[[ Available data open ]]

(* finite values of the function whose infimum defines D_implicit *)
Definition Dimplicit_set (L : nat -> R -> R) (L0 : R) (j i : nat) (y x : R)
  : R -> Prop :=
  fun r => exists t a b, 0 <= t <= 1 /\
    E1 L L0 j t y = Some a /\ E2 L L0 i t x = Some b /\ r = a + b.

Definition is_inf (S : R -> Prop) (v : R) : Prop :=
  (forall r, S r -> v <= r) /\ (forall m, (forall r, S r -> m <= r) -> m <= v).

Definition Kfun (L dL : nat -> R -> R) (L0 : R) (l : nat) (xi : R) : R :=
  L l xi - xi * dL l xi - L0.

Definition Dlinear (dL : nat -> R -> R) (L0 : R) (xim xip : nat -> R)
  (j i : nat) (y x : R) : R :=
  - dL j (xim j) * y + dL i (xip i) * x + L0.

(* (y,x) in Delta^{ji}; empty when i or j is in I_0 *)
Definition inDelta (L : nat -> R -> R) (L0 : R) (xim xip : nat -> R)
  (j i : nat) (y x : R) : Prop :=
  L j 0 <> L0 /\ L i 0 <> L0 /\ x / xip i - y / xim j < 1.

(* Every branch Lagrangian L_l is convex (L_l'' >= gamma > 0), hence lies
   above its tangent lines.  Writing K_l(p) = L_l(p) - p L_l'(p) - L0, the
   perspective s (L_l(z/s) - L0) is bounded below by s K_l(p) + L_l'(p) z for
   every slope p, with equality at p = z/s.  Three consequences drive the
   proof:
   - at a zero p of K_l the bound is linear in z, so D_linear is a lower bound
     of every value E1(t1,y) + E2(t2,x) (tangents at xi_j^- and xi_i^+);
   - on Delta^{ji} the times t1 = y/(-xi_j^-), t2 = 1 - x/xi_i^+ are ordered
     and realise that bound, so D_junction = D_linear;
   - where K_l <= 0 the perspective is nonincreasing in s, which lets one
     merge t1 <= t2 into a single time without increasing the cost; outside
     Delta^{ji} such a merge always exists, so D_junction = D_implicit. *)

From Stdlib Require Import Reals Lra Psatz.
(* imported after Reals, whose exponential series is also named E1 *)
Open Scope R_scope.

Lemma is_inf_exists (S : R -> Prop) :
  (exists r, S r) -> (exists m, forall r, S r -> m <= r) -> exists v, is_inf S v.
Proof.
  intros [r0 Hr0] [m Hm].
  destruct (completeness (fun r => S (- r))) as [v [Hub Hlub]].
  - exists (- m). intros r Hr. specialize (Hm _ Hr). lra.
  - exists (- r0). now rewrite Ropp_involutive.
  - exists (- v). split.
    + intros r Hr.
      assert (Hneg : S (- - r)) by now rewrite Ropp_involutive.
      specialize (Hub _ Hneg). lra.
    + intros m' Hm'. assert (v <= - m'); [|lra].
      apply Hlub. intros r Hr. specialize (Hm' _ Hr). lra.
Qed.

Lemma is_inf_attained (S : R -> Prop) (v : R) :
  (forall r, S r -> v <= r) -> S v -> is_inf S v.
Proof. intros Hlb Hv. split; [exact Hlb|]. intros m Hm. now apply Hm. Qed.

Lemma is_inf_dominated (S T : R -> Prop) (v : R) :
  is_inf S v -> (forall r, S r -> T r) ->
  (forall r, T r -> exists r', S r' /\ r' <= r) -> is_inf T v.
Proof.
  intros [Hlb Hglb] Hsub Hdom. split.
  - intros r Hr. destruct (Hdom r Hr) as [r' [Hr' Hle]]. specialize (Hlb _ Hr'). lra.
  - intros m Hm. apply Hglb. intros r Hr. now apply Hm, Hsub.
Qed.

Section Convexity.
Variables f f' f'' : R -> R.
Hypothesis f_deriv : forall z, derivable_pt_lim f z (f' z).
Hypothesis f'_deriv : forall z, derivable_pt_lim f' z (f'' z).
Hypothesis f''_nonneg : forall z, 0 <= f'' z.

Lemma derivative_nondecreasing p q : p <= q -> f' p <= f' q.
Proof.
  intros Hpq. destruct (Req_dec p q) as [->|Hne]; [lra|].
  destruct (MVT_cor2 f' f'' p q) as [c [Hc _]]; [lra| intros; apply f'_deriv|].
  specialize (f''_nonneg c). nra.
Qed.

Lemma tangent_line_below p q : f p + f' p * (q - p) <= f q.
Proof.
  destruct (Rtotal_order p q) as [H|[->|H]].
  - destruct (MVT_cor2 f f' p q) as [c [Hc Hc2]]; [lra| intros; apply f_deriv|].
    assert (f' p <= f' c) by (apply derivative_nondecreasing; lra). nra.
  - lra.
  - destruct (MVT_cor2 f f' q p) as [c [Hc Hc2]]; [lra| intros; apply f_deriv|].
    assert (f' c <= f' p) by (apply derivative_nondecreasing; lra). nra.
Qed.

End Convexity.

Lemma E1_cases L L0 j t y a : E1 L L0 j t y = Some a ->
  (y = 0 /\ a = 0) \/ (y <> 0 /\ t <> 0 /\ a = t * L j (- y / t) - t * L0).
Proof.
  unfold E1. destruct (Req_EM_T y 0); [intro H; inversion H; auto|].
  destruct (Req_EM_T t 0); [discriminate|]. intro H; inversion H; auto.
Qed.

Lemma E1_origin L L0 j t : E1 L L0 j t 0 = Some 0.
Proof. unfold E1. destruct (Req_EM_T 0 0); [auto|lra]. Qed.

Lemma E1_finite L L0 j t y : y <> 0 -> t <> 0 ->
  E1 L L0 j t y = Some (t * L j (- y / t) - t * L0).
Proof.
  intros. unfold E1. destruct (Req_EM_T y 0); [lra|].
  destruct (Req_EM_T t 0); [lra|auto].
Qed.

Lemma E2_cases L L0 i t x b : E2 L L0 i t x = Some b ->
  (x = 0 /\ b = L0) \/ (x <> 0 /\ t <> 1 /\ b = (1 - t) * L i (x / (1 - t)) + t * L0).
Proof.
  unfold E2. destruct (Req_EM_T x 0); [intro H; inversion H; auto|].
  destruct (Req_EM_T t 1); [discriminate|]. intro H; inversion H; auto.
Qed.
Lemma UB3_row_norm2_le i : \sum_l UB3 i l ^+ 2 <= 2507/2000.
Proof.
rewrite !big_ord_recr big_ord0 !mxE /=.
by case: i => -[|[|[|?]]] ? //; rewrite /ub3 /=; lra.
Qed.

Lemma VB3_row_norm2_le j : \sum_l VB3 j l ^+ 2 <= 2507/2000.
Proof.
rewrite !big_ord_recr big_ord0 !mxE /=.
by case: j => -[|[|[|?]]] ? //; rewrite /ub3 /=; lra.
Qed.

Lemma XA4_orthogonal : orthogonal_mx XA4.
Proof. by move=> a; rewrite !(big_ord_recr, big_ord0, mxE) /= /xa4 /=; field. Qed.

Lemma xA4_norm2_le1 : \sum_i xA4 i 0 ^+ 2 <= 1.
Proof. rewrite !big_ord_recr big_ord0 !mxE /=; lra. Qed.

Lemma schur_A4_XA4_xA4_gt : (2507/2000) ^+ 2 <
  \sum_i ((schur_prod A4 XA4 *m xA4) i 0) ^+ 2 :> R.
Proof. rewrite !(big_ord_recr, big_ord0, mxE) /= /xa4 /=; lra. Qed.

End Witnesses.

Section AbsoluteValue.
Local Open Scope classical_set_scope.
Variables (R : realType) (F : comPzRingType) (nm : F -> R) (emb : {rmorphism R -> F}).
Hypotheses (nm_ge0 : forall x, 0 <= nm x)
           (nmD : forall x y, nm (x + y) <= nm x + nm y)
           (nmM : forall x y, nm (x * y) = nm x * nm y)
           (nm_emb : forall r, nm (emb r) = `|r|).

Lemma nm0 : nm 0 = 0.
Proof. by rewrite -(rmorph0 emb) nm_emb normr0. Qed.

Lemma nm1 : nm 1 = 1.
Proof. by rewrite -(rmorph1 emb) nm_emb normr1. Qed.

Lemma ler_nm_sum {I : finType} (f : I -> F) : nm (\sum_i f i) <= \sum_i nm (f i).
Proof.
elim/big_rec2: _ => [|i y x _ le_xy]; first by rewrite nm0.
by apply: le_trans (nmD _ _) _; rewrite lerD2l.
Qed.

Definition vnorm2 {n} (x : 'cV[F]_n) : R := \sum_i nm (x i 0) ^+ 2.

Lemma vnorm2_ge0 n (x : 'cV[F]_n) : 0 <= vnorm2 x.
Proof. by apply: sumr_ge0 => i _; apply: sqr_ge0. Qed.

Lemma vnormE n (x : 'cV[F]_n) : vnorm nm x = Num.sqrt (vnorm2 x).
Proof. by []. Qed.

Lemma vnorm_ge0 n (x : 'cV[F]_n) : 0 <= vnorm nm x.
Proof. exact: sqrtr_ge0. Qed.

Lemma sqr_vnorm n (x : 'cV[F]_n) : vnorm nm x ^+ 2 = vnorm2 x.
Proof. by rewrite sqr_sqrtr ?vnorm2_ge0. Qed.

Lemma ler_vnorm {n m} (x : 'cV[F]_n) (y : 'cV[F]_m) :
  (vnorm nm x <= vnorm nm y) = (vnorm2 x <= vnorm2 y).
Proof. by rewrite ler_sqrt ?vnorm2_ge0. Qed.

Lemma vnorm0 n : vnorm nm (0 : 'cV[F]_n) = 0.
Proof. by rewrite vnormE /vnorm2 big1 ?sqrtr0 // => i _; rewrite mxE nm0 expr0n. Qed.

Lemma vnormZ n a (x : 'cV[F]_n) : vnorm nm (a *: x) = nm a * vnorm nm x.
Proof.
rewrite !vnormE; have -> : vnorm2 (a *: x) = nm a ^+ 2 * vnorm2 x.
  by rewrite mulr_sumr; apply: eq_bigr => i _; rewrite mxE nmM exprMn.
by rewrite sqrtrM ?sqr_ge0 // sqrtr_sqr ger0_norm.
Qed.

Lemma vnorm_delta {n} (j : 'I_n) : vnorm nm (delta_mx j 0) = 1.
Proof.
rewrite vnormE /vnorm2 (bigD1 j) //= big1 => [|i /negbTE neq_ij].
  by rewrite !mxE !eqxx nm1 expr1n addr0 sqrtr1.
by rewrite !mxE neq_ij nm0 expr0n.
Qed.

Lemma nm_coef_le_vnorm {n} (x : 'cV[F]_n) i : nm (x i 0) <= vnorm nm x.
Proof.
rewrite -ler_sqr ?nnegrE ?vnorm_ge0 // sqr_vnorm /vnorm2 (bigD1 i) //= lerDl.
by apply: sumr_ge0 => j _; apply: sqr_ge0.
Qed.

Lemma vnorm_mulmx_le_entrywise m n (M : 'M[F]_(m, n)) (K : 'I_m -> 'I_n -> R) x :
  (forall i j, nm (M i j) <= K i j) -> vnorm nm x <= 1 ->
  vnorm nm (M *m x) <= Num.sqrt (\sum_i (\sum_j K i j) ^+ 2).
Proof.
move=> le_MK le_x1; rewrite vnormE ler_sqrt; last first.
  by apply: sumr_ge0 => i _; apply: sqr_ge0.
apply: ler_sum => i _; rewrite mxE.
have le_row : nm (\sum_j M i j * x j 0) <= \sum_j K i j.
  apply: le_trans (ler_nm_sum _) _; apply: ler_sum => j _.
  rewrite nmM -[leRHS]mulr1 ler_pM ?le_MK //.
  exact: le_trans (nm_coef_le_vnorm x j) le_x1.
by rewrite ler_sqr ?nnegrE ?(le_trans (nm_ge0 _) le_row).
Qed.

Lemma has_ubound_opnorm_set m n (M : 'M[F]_(m, n)) :
  has_ubound [set vnorm nm (M *m x) | x in [set x : 'cV[F]_n | vnorm nm x <= 1]].
Proof.
exists (Num.sqrt (\sum_i (\sum_j nm (M i j)) ^+ 2)).
by move=> _ [x le_x1 <-]; apply: vnorm_mulmx_le_entrywise.
Qed.

Lemma vnorm_mulmx_le_opnorm {m n} (M : 'M[F]_(m, n)) x :
  vnorm nm x <= 1 -> vnorm nm (M *m x) <= opnorm nm M.
Proof. by move=> le_x1; apply: ub_le_sup; [exact: has_ubound_opnorm_set | exists x]. Qed.

Lemma opnorm_le m n (M : 'M[F]_(m, n)) c :
  (forall x, vnorm nm x <= 1 -> vnorm nm (M *m x) <= c) -> opnorm nm M <= c.
Proof.
move=> le_Mc; apply: ge_sup; last by move=> _ [x le_x1 <-]; apply: le_Mc.
by exists (vnorm nm (M *m 0)), 0 => //=; rewrite vnorm0 ler01.
Qed.

Lemma opnorm_le1_contraction m n (M : 'M[F]_(m, n)) z :
  opnorm nm M <= 1 -> vnorm nm (M *m z) <= vnorm nm z.
Proof.
move=> le_M1; apply/ler_addgt0Pr => e e_gt0.
have t_gt0 : 0 < vnorm nm z + e by rewrite ltr_pwDr ?vnorm_ge0.
(* Rescale [z] into the unit ball by the real factor [1 / (|z| + e)]. *)
have nm_inv : nm (emb (vnorm nm z + e)^-1) = (vnorm nm z + e)^-1.
  by rewrite nm_emb ger0_norm // invr_ge0 ltW.
have le_z1 : vnorm nm (emb (vnorm nm z + e)^-1 *: z) <= 1.
  by rewrite vnormZ nm_inv mulrC ler_pdivrMr // mul1r lerDl ltW.
have := le_trans (vnorm_mulmx_le_opnorm M _ le_z1) le_M1.
by rewrite -scalemxAr vnormZ nm_inv mulrC ler_pdivrMr // mul1r.
Qed.

Lemma nm_coef_le_opnorm {m n} (M : 'M[F]_(m, n)) i j : nm (M i j) <= opnorm nm M.
Proof.
have := vnorm_mulmx_le_opnorm M (delta_mx j 0); rewrite vnorm_delta lexx => /(_ isT).
apply: le_trans; rewrite -colE.
by have := nm_coef_le_vnorm (col j M) i; rewrite mxE.
Qed.

Lemma has_ubound_schur_norm_set m n (A : 'M[F]_(m, n)) :
  has_ubound [set opnorm nm (schur_prod A X) |
              X in [set X : 'M[F]_(m, n) | opnorm nm X <= 1]].
Proof.
exists (Num.sqrt (\sum_i (\sum_j nm (A i j)) ^+ 2)).
move=> _ [X le_X1 <-]; apply: opnorm_le => x le_x1.
apply: vnorm_mulmx_le_entrywise => // i j.
rewrite mxE nmM -[leRHS]mulr1 ler_pM //.
exact: le_trans (nm_coef_le_opnorm X i j) le_X1.
Qed.

Lemma vnorm_schur_mulmx_le_schur_norm {m n} (A X : 'M[F]_(m, n)) x :
  opnorm nm X <= 1 -> vnorm nm x <= 1 ->
  vnorm nm (schur_prod A X *m x) <= schur_norm nm A.
Proof.
move=> le_X1 le_x1; apply: le_trans (vnorm_mulmx_le_opnorm _ _ le_x1) _.
by apply: ub_le_sup; [exact: has_ubound_schur_norm_set | exists X].
Qed.

Lemma schur_norm_le m n (A : 'M[F]_(m, n)) c :
  (forall X x, opnorm nm X <= 1 -> vnorm nm x <= 1 ->
     vnorm nm (schur_prod A X *m x) <= c) -> schur_norm nm A <= c.
Proof.
move=> le_Ac; apply: ge_sup => [|_ [X le_X1 <-]]; last first.
  by apply: opnorm_le => x; apply: le_Ac.
exists (opnorm nm (schur_prod A 0)), 0 => //=.
by apply: opnorm_le => x _; rewrite mul0mx vnorm0 ler01.
Qed.

Definition scale_entries {n} (v : 'I_n -> R) (x : 'cV[F]_n) : 'cV[F]_n :=
  \col_j (emb (v j) * x j 0).

Lemma vnorm2_scale_entries n (v : 'I_n -> R) x :
  vnorm2 (scale_entries v x) = \sum_j v j ^+ 2 * nm (x j 0) ^+ 2.
Proof.
by apply: eq_bigr => j _; rewrite mxE nmM nm_emb exprMn real_normK ?num_real.
Qed.

Section Factorization.
Variables (m n k : nat) (A : 'M[F]_(m, n)) (U : 'M[R]_(m, k)) (V : 'M[R]_(n, k)).
Hypothesis A_factor : forall i j, A i j = emb (\sum_l U i l * V j l).

Lemma schur_factor_mulmxE X x i :
  (schur_prod A X *m x) i 0 =
  \sum_l emb (U i l) * (X *m scale_entries (fun j => V j l) x) i 0.
Proof.
rewrite mxE; under eq_bigr do rewrite mxE A_factor rmorph_sum !mulr_suml.
rewrite exchange_big; apply: eq_bigr => l _; rewrite mxE mulr_sumr.
by apply: eq_bigr => j _; rewrite mxE rmorphM; ring.
Qed.

Lemma sqr_nm_schur_factor_mulmx_le X x i :
  nm ((schur_prod A X *m x) i 0) ^+ 2 <=
  (\sum_l U i l ^+ 2) * \sum_l nm ((X *m scale_entries (fun j => V j l) x) i 0) ^+ 2.
Proof.
pose y l := nm ((X *m scale_entries (fun j => V j l) x) i 0).
have -> : \sum_l U i l ^+ 2 = \sum_l `|U i l| ^+ 2.
  by apply: eq_bigr => l _; rewrite real_normK ?num_real.
apply: le_trans (CauchySchwarz_sum (fun l => `|U i l|) y).
rewrite ler_sqr ?nnegrE //; last by apply: sumr_ge0 => l _; rewrite mulr_ge0 ?nm_ge0.
rewrite schur_factor_mulmxE; apply: le_trans (ler_nm_sum _) _.
by apply: ler_sum => l _; rewrite nmM nm_emb.
Qed.

Lemma vnorm2_schur_factor_le a2 b2 X x :
  0 <= a2 -> (forall i, \sum_l U i l ^+ 2 <= a2) ->
  (forall j, \sum_l V j l ^+ 2 <= b2) ->
  opnorm nm X <= 1 -> vnorm2 (schur_prod A X *m x) <= a2 * b2 * vnorm2 x.
Proof.
move=> a2_ge0 le_U le_V le_X1.
pose w l := scale_entries (fun j => V j l) x.
apply: le_trans (ler_sum _ (fun i _ => sqr_nm_schur_factor_mulmx_le X x i)) _.
have le_a2 : \sum_i (\sum_l U i l ^+ 2) * (\sum_l nm ((X *m w l) i 0) ^+ 2)
    <= a2 * \sum_l vnorm2 (X *m w l).
  rewrite exchange_big mulr_sumr; apply: ler_sum => i _.
  by rewrite ler_wpM2r ?sumr_ge0 // => l _; apply: sqr_ge0.
apply: le_trans le_a2 _; rewrite -mulrA ler_wpM2l //.
have le_w l : vnorm2 (X *m w l) <= vnorm2 (w l).
  by rewrite -ler_vnorm; apply: opnorm_le1_contraction.
apply: le_trans (ler_sum _ (fun l _ => le_w l)) _.
rewrite /w; under eq_bigr do rewrite vnorm2_scale_entries.
rewrite exchange_big mulr_sumr; apply: ler_sum => j _.
by rewrite -mulr_suml ler_wpM2r ?le_V ?sqr_ge0.
Qed.

Lemma schur_norm_factor_le a2 b2 :
  0 <= a2 -> 0 <= b2 -> (forall i, \sum_l U i l ^+ 2 <= a2) ->
  (forall j, \sum_l V j l ^+ 2 <= b2) -> schur_norm nm A <= Num.sqrt (a2 * b2).
Proof.
move=> a2_ge0 b2_ge0 le_U le_V; apply: schur_norm_le => X x le_X1 le_x1.
rewrite vnormE ler_sqrt ?mulr_ge0 //.
apply: le_trans (@vnorm2_schur_factor_le a2 b2 X x a2_ge0 le_U le_V le_X1) _.
by rewrite -[leRHS]mulr1 ler_wpM2l ?mulr_ge0 // -sqr_vnorm expr_le1 ?vnorm_ge0.
Qed.
End Factorization.

Lemma vnorm_map_mx n (y : 'cV[R]_n) :
  vnorm nm (map_mx emb y) = Num.sqrt (\sum_i y i 0 ^+ 2).
Proof.
by congr Num.sqrt; apply: eq_bigr => i _; rewrite mxE nm_emb real_normK ?num_real.
Qed.

Lemma schur_prod_map_mx m n (A X : 'M[R]_(m, n)) :
  schur_prod (map_mx emb A) (map_mx emb X) = map_mx emb (schur_prod A X).
Proof. by apply/matrixP => i j; rewrite !mxE rmorphM. Qed.

Lemma map_mx_of_nats m n rows :
  map_mx emb (mx_of_nats m n rows) = mx_of_nats m n rows.
Proof. by apply/matrixP => i j; rewrite !mxE rmorph_nat. Qed.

[[ Available data closed ]]

**What you need to do**
All that is wanted is a faithful reproduction of the line above with "Lemma sqr_nm_schur_factor_mulmx_le X", the line with "have le_w l", and every line in between.

**Response to this task**
Lemma sqr_nm_schur_factor_mulmx_le X x i :
  nm ((schur_prod A X *m x) i 0) ^+ 2 <=
  (\sum_l U i l ^+ 2) * \sum_l nm ((X *m scale_entries (fun j => V j l) x) i 0) ^+ 2.
Proof.
pose y l := nm ((X *m scale_entries (fun j => V j l) x) i 0).
have -> : \sum_l U i l ^+ 2 = \sum_l `|U i l| ^+ 2.
  by apply: eq_bigr => l _; rewrite real_normK ?num_real.
apply: le_trans (CauchySchwarz_sum (fun l => `|U i l|) y).
rewrite ler_sqr ?nnegrE //; last by apply: sumr_ge0 => l _; rewrite mulr_ge0 ?nm_ge0.
rewrite schur_factor_mulmxE; apply: le_trans (ler_nm_sum _) _.
by apply: ler_sum => l _; rewrite nmM nm_emb.
Qed.

Lemma vnorm2_schur_factor_le a2 b2 X x :
  0 <= a2 -> (forall i, \sum_l U i l ^+ 2 <= a2) ->
  (forall j, \sum_l V j l ^+ 2 <= b2) ->
  opnorm nm X <= 1 -> vnorm2 (schur_prod A X *m x) <= a2 * b2 * vnorm2 x.
Proof.
move=> a2_ge0 le_U le_V le_X1.
pose w l := scale_entries (fun j => V j l) x.
apply: le_trans (ler_sum _ (fun i _ => sqr_nm_schur_factor_mulmx_le X x i)) _.
have le_a2 : \sum_i (\sum_l U i l ^+ 2) * (\sum_l nm ((X *m w l) i 0) ^+ 2)
    <= a2 * \sum_l vnorm2 (X *m w l).
  rewrite exchange_big mulr_sumr; apply: ler_sum => i _.
  by rewrite ler_wpM2r ?sumr_ge0 // => l _; apply: sqr_ge0.
apply: le_trans le_a2 _; rewrite -mulrA ler_wpM2l //.
have le_w l : vnorm2 (X *m w l) <= vnorm2 (w l).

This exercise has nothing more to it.